#### Task prompt:
Beneath this line is the data. Output exactly the lines from the line with "Section ProCStarSeries." to the line with "series_converges S (fun i => u", both ends included, and nothing more.

#### Records shown:
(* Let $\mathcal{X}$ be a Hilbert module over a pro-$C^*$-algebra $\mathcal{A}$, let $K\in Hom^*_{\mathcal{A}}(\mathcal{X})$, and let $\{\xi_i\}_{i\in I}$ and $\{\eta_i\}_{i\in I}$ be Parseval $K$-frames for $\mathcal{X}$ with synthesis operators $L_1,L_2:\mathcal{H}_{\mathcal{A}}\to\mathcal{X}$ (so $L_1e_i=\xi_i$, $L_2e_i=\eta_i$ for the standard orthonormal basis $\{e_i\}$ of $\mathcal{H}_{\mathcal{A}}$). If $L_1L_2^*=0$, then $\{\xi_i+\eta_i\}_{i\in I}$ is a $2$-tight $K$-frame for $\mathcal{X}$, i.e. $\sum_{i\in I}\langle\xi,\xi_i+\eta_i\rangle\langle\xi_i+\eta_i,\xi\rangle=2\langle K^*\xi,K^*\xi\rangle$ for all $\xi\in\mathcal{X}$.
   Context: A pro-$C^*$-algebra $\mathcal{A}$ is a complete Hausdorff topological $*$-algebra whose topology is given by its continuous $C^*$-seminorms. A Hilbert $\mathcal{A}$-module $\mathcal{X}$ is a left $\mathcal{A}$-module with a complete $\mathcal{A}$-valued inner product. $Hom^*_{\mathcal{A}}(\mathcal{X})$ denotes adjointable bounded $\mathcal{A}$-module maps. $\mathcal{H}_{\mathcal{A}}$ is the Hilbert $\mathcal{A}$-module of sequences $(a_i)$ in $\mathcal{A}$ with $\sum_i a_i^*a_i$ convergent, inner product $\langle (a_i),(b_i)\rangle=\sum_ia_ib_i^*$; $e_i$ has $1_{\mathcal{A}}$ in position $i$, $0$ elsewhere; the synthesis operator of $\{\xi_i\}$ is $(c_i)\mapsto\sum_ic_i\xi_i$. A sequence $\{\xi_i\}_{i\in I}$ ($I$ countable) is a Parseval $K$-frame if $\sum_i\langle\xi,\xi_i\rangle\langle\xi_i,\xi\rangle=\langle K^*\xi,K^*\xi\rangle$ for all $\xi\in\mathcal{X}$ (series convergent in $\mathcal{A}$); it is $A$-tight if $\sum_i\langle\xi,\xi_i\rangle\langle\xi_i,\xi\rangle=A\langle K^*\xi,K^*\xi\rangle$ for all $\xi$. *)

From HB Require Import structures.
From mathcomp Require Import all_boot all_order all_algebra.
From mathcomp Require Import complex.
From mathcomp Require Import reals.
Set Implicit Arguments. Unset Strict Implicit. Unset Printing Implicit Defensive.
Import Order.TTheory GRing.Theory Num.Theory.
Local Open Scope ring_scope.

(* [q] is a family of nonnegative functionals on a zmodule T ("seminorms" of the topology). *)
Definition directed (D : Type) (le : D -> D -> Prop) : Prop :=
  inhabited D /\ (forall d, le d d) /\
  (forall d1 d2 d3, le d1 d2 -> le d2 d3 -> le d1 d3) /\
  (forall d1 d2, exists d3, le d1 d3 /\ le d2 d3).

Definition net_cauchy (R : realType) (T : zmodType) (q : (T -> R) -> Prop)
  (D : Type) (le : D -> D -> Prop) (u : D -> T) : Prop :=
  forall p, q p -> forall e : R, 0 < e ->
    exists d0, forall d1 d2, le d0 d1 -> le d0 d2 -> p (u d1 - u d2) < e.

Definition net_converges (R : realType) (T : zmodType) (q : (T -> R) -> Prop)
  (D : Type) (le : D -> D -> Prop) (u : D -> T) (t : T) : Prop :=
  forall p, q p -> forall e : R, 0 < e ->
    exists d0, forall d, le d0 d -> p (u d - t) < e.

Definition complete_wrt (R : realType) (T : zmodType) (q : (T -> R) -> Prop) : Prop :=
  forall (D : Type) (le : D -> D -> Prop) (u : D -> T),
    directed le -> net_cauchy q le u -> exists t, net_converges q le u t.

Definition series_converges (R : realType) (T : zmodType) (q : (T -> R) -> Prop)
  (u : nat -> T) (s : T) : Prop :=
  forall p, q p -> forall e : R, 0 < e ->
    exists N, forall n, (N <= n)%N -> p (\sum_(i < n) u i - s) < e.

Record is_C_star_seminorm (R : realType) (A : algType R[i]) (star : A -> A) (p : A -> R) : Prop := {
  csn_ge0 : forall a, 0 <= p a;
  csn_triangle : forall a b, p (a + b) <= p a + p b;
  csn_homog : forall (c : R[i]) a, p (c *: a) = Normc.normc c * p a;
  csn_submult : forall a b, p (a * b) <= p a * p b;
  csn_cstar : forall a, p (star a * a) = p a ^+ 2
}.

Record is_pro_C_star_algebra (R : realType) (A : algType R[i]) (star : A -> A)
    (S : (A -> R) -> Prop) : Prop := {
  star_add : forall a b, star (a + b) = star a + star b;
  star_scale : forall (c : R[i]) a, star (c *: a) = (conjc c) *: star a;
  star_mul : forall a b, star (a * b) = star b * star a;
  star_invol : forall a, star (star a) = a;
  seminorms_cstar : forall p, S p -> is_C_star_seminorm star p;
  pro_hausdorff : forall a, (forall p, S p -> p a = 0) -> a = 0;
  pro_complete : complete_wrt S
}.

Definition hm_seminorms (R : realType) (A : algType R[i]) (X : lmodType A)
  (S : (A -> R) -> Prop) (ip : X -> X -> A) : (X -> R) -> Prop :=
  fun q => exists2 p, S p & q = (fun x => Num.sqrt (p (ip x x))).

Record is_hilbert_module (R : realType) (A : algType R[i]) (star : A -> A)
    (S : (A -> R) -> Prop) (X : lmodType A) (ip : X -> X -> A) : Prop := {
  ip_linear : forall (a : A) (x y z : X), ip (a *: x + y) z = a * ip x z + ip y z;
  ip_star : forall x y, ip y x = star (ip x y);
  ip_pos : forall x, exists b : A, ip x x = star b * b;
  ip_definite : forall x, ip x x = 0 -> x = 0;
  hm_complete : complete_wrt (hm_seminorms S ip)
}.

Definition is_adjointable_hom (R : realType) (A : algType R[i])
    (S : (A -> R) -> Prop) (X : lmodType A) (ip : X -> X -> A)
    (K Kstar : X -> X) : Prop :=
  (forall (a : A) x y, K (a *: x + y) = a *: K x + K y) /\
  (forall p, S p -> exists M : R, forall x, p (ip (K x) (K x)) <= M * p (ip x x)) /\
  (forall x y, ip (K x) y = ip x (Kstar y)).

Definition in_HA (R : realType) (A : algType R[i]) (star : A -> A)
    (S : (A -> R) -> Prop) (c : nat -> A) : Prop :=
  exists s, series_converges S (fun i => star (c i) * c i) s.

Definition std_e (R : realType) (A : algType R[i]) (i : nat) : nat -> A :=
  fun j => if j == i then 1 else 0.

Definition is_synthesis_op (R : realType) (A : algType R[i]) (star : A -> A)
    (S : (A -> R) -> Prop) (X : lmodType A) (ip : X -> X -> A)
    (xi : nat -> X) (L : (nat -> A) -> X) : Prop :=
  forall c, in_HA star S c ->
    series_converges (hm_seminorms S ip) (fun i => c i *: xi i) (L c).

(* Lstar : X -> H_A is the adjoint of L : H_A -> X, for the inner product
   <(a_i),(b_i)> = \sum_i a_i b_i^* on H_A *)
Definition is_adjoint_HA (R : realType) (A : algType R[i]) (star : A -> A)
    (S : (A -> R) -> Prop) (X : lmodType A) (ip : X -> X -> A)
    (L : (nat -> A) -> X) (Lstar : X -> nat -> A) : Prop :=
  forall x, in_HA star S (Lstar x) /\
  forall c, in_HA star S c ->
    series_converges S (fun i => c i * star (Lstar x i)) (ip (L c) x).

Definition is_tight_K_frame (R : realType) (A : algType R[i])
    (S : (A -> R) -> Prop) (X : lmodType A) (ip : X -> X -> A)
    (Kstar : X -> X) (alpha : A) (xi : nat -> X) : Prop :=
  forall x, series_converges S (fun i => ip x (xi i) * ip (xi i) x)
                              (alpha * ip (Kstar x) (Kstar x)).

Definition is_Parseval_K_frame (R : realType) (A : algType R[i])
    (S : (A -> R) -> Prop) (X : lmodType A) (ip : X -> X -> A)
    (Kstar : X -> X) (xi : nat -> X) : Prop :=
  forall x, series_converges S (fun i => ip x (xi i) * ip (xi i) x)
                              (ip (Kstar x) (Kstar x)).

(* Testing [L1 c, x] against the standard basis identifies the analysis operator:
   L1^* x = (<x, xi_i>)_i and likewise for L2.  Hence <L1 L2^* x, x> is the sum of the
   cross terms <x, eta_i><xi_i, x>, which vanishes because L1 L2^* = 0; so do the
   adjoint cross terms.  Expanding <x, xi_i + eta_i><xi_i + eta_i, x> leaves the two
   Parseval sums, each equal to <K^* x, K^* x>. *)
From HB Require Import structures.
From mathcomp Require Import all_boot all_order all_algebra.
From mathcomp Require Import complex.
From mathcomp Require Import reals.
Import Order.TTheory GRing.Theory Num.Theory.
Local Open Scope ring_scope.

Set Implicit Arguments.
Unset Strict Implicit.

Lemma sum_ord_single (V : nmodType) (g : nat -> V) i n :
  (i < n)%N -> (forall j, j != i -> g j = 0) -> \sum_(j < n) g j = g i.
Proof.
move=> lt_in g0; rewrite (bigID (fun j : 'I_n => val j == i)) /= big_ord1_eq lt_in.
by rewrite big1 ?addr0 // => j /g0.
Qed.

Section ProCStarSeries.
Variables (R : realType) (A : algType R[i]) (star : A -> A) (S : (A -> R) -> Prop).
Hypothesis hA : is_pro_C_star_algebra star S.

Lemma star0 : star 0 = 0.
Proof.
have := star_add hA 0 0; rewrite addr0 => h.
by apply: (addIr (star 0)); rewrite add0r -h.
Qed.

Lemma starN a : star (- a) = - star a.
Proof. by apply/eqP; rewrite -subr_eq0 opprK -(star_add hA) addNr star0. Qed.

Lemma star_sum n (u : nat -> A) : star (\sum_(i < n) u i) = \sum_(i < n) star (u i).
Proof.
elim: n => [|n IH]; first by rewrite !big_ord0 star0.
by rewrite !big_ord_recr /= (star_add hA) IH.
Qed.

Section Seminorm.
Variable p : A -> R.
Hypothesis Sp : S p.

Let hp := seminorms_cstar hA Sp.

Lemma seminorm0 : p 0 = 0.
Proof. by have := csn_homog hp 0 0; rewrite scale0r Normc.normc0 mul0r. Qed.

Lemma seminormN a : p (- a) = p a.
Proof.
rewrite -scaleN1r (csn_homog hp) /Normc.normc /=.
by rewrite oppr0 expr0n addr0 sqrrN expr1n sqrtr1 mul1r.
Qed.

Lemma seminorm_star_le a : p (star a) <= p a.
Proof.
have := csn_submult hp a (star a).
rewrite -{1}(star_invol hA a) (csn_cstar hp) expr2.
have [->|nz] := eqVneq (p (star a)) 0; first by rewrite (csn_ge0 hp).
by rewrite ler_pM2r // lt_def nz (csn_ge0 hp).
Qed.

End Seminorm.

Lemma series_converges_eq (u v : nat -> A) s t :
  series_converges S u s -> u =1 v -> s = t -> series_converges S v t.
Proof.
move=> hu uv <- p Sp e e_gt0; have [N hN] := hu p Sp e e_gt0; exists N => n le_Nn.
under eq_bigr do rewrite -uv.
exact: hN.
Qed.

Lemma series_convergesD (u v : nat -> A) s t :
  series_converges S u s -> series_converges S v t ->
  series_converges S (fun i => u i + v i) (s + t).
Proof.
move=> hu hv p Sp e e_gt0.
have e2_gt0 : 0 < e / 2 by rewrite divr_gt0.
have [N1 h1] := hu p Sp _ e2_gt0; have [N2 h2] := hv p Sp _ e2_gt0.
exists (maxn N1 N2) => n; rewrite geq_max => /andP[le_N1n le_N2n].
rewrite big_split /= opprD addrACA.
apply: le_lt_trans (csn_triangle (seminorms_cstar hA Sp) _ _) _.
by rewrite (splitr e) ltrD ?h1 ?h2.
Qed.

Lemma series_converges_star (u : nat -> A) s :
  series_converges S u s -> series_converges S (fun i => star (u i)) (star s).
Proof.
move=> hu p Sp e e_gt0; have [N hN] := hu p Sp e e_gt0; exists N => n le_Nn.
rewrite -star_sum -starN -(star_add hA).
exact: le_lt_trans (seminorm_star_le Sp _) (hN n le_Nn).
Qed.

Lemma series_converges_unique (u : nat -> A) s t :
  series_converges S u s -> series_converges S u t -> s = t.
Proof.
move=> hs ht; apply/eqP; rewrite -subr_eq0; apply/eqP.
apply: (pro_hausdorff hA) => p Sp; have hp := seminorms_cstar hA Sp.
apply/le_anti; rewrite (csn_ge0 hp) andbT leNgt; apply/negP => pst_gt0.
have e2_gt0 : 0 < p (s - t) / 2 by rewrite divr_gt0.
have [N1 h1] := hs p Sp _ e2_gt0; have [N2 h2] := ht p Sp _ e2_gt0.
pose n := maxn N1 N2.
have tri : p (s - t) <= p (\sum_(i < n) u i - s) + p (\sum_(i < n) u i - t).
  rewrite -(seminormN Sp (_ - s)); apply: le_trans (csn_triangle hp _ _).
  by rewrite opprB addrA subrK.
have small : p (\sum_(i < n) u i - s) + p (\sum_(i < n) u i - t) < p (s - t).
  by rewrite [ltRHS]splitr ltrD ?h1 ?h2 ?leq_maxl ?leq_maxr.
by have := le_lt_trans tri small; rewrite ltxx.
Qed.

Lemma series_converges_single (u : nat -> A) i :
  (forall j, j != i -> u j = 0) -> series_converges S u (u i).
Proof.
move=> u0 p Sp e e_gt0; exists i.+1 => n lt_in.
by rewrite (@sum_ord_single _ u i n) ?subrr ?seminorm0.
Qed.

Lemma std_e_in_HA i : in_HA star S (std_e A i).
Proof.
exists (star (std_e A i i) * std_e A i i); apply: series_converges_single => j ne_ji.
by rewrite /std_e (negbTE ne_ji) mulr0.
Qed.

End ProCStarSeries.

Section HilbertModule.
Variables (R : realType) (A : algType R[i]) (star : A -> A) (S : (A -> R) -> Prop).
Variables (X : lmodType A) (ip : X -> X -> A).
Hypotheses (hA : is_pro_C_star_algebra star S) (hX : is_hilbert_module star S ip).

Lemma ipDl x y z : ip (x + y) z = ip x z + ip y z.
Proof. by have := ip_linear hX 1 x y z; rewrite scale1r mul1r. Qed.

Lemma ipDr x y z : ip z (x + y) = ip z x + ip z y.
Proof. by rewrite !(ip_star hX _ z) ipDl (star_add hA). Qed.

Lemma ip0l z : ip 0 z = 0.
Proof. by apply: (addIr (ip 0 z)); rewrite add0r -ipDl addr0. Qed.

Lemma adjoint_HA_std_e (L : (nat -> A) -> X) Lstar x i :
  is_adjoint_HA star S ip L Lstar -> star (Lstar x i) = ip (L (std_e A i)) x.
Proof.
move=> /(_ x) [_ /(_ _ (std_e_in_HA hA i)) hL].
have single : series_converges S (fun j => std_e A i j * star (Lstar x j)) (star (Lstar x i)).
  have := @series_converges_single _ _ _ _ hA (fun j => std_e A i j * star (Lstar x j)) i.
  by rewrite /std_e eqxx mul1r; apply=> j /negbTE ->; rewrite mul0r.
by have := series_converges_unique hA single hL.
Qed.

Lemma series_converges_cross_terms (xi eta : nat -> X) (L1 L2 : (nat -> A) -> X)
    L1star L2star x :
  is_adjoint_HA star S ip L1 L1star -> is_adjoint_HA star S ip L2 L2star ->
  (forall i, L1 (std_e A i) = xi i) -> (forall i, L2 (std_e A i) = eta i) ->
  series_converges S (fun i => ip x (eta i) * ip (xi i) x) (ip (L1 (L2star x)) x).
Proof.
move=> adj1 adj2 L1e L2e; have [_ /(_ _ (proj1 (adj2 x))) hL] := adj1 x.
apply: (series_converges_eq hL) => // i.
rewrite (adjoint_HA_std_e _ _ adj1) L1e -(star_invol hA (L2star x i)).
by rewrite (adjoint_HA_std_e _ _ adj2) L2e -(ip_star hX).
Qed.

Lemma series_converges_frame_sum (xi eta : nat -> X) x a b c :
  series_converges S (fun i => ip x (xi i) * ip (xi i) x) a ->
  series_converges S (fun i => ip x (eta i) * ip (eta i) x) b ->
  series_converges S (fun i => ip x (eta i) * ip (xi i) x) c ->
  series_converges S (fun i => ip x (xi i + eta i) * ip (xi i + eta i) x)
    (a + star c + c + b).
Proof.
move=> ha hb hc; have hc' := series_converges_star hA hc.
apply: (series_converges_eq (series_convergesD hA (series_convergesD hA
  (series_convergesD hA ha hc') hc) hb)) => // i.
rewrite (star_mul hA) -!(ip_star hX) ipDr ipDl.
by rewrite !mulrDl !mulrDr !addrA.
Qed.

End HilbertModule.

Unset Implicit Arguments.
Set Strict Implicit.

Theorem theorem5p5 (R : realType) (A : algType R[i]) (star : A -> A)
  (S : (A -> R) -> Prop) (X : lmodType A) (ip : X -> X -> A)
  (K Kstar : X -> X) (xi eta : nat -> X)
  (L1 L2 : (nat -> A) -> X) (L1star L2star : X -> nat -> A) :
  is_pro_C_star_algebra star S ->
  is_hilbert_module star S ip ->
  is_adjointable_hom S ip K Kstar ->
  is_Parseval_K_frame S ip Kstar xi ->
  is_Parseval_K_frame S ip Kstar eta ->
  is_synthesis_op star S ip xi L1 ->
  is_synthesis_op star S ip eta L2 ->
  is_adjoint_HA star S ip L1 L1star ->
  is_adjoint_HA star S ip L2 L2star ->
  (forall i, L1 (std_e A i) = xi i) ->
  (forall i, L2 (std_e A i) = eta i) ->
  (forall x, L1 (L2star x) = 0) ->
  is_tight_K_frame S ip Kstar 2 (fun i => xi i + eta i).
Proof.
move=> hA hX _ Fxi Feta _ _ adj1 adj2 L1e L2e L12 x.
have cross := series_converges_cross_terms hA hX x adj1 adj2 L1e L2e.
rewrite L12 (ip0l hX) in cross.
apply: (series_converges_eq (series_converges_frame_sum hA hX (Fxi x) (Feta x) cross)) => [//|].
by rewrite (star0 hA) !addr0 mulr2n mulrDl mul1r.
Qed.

#### Reply:
Section ProCStarSeries.
Variables (R : realType) (A : algType R[i]) (star : A -> A) (S : (A -> R) -> Prop).
Hypothesis hA : is_pro_C_star_algebra star S.

Lemma star0 : star 0 = 0.
Proof.
have := star_add hA 0 0; rewrite addr0 => h.
by apply: (addIr (star 0)); rewrite add0r -h.
Qed.

Lemma starN a : star (- a) = - star a.
Proof. by apply/eqP; rewrite -subr_eq0 opprK -(star_add hA) addNr star0. Qed.

Lemma star_sum n (u : nat -> A) : star (\sum_(i < n) u i) = \sum_(i < n) star (u i).
Proof.
elim: n => [|n IH]; first by rewrite !big_ord0 star0.
by rewrite !big_ord_recr /= (star_add hA) IH.
Qed.

Section Seminorm.
Variable p : A -> R.
Hypothesis Sp : S p.

Let hp := seminorms_cstar hA Sp.

Lemma seminorm0 : p 0 = 0.
Proof. by have := csn_homog hp 0 0; rewrite scale0r Normc.normc0 mul0r. Qed.

Lemma seminormN a : p (- a) = p a.
Proof.
rewrite -scaleN1r (csn_homog hp) /Normc.normc /=.
by rewrite oppr0 expr0n addr0 sqrrN expr1n sqrtr1 mul1r.
Qed.

Lemma seminorm_star_le a : p (star a) <= p a.
Proof.
have := csn_submult hp a (star a).
rewrite -{1}(star_invol hA a) (csn_cstar hp) expr2.
have [->|nz] := eqVneq (p (star a)) 0; first by rewrite (csn_ge0 hp).
by rewrite ler_pM2r // lt_def nz (csn_ge0 hp).
Qed.

End Seminorm.

Lemma series_converges_eq (u v : nat -> A) s t :
  series_converges S u s -> u =1 v -> s = t -> series_converges S v t.
Proof.
move=> hu uv <- p Sp e e_gt0; have [N hN] := hu p Sp e e_gt0; exists N => n le_Nn.
under eq_bigr do rewrite -uv.
exact: hN.
Qed.

Lemma series_convergesD (u v : nat -> A) s t :
  series_converges S u s -> series_converges S v t ->
  series_converges S (fun i => u i + v i) (s + t).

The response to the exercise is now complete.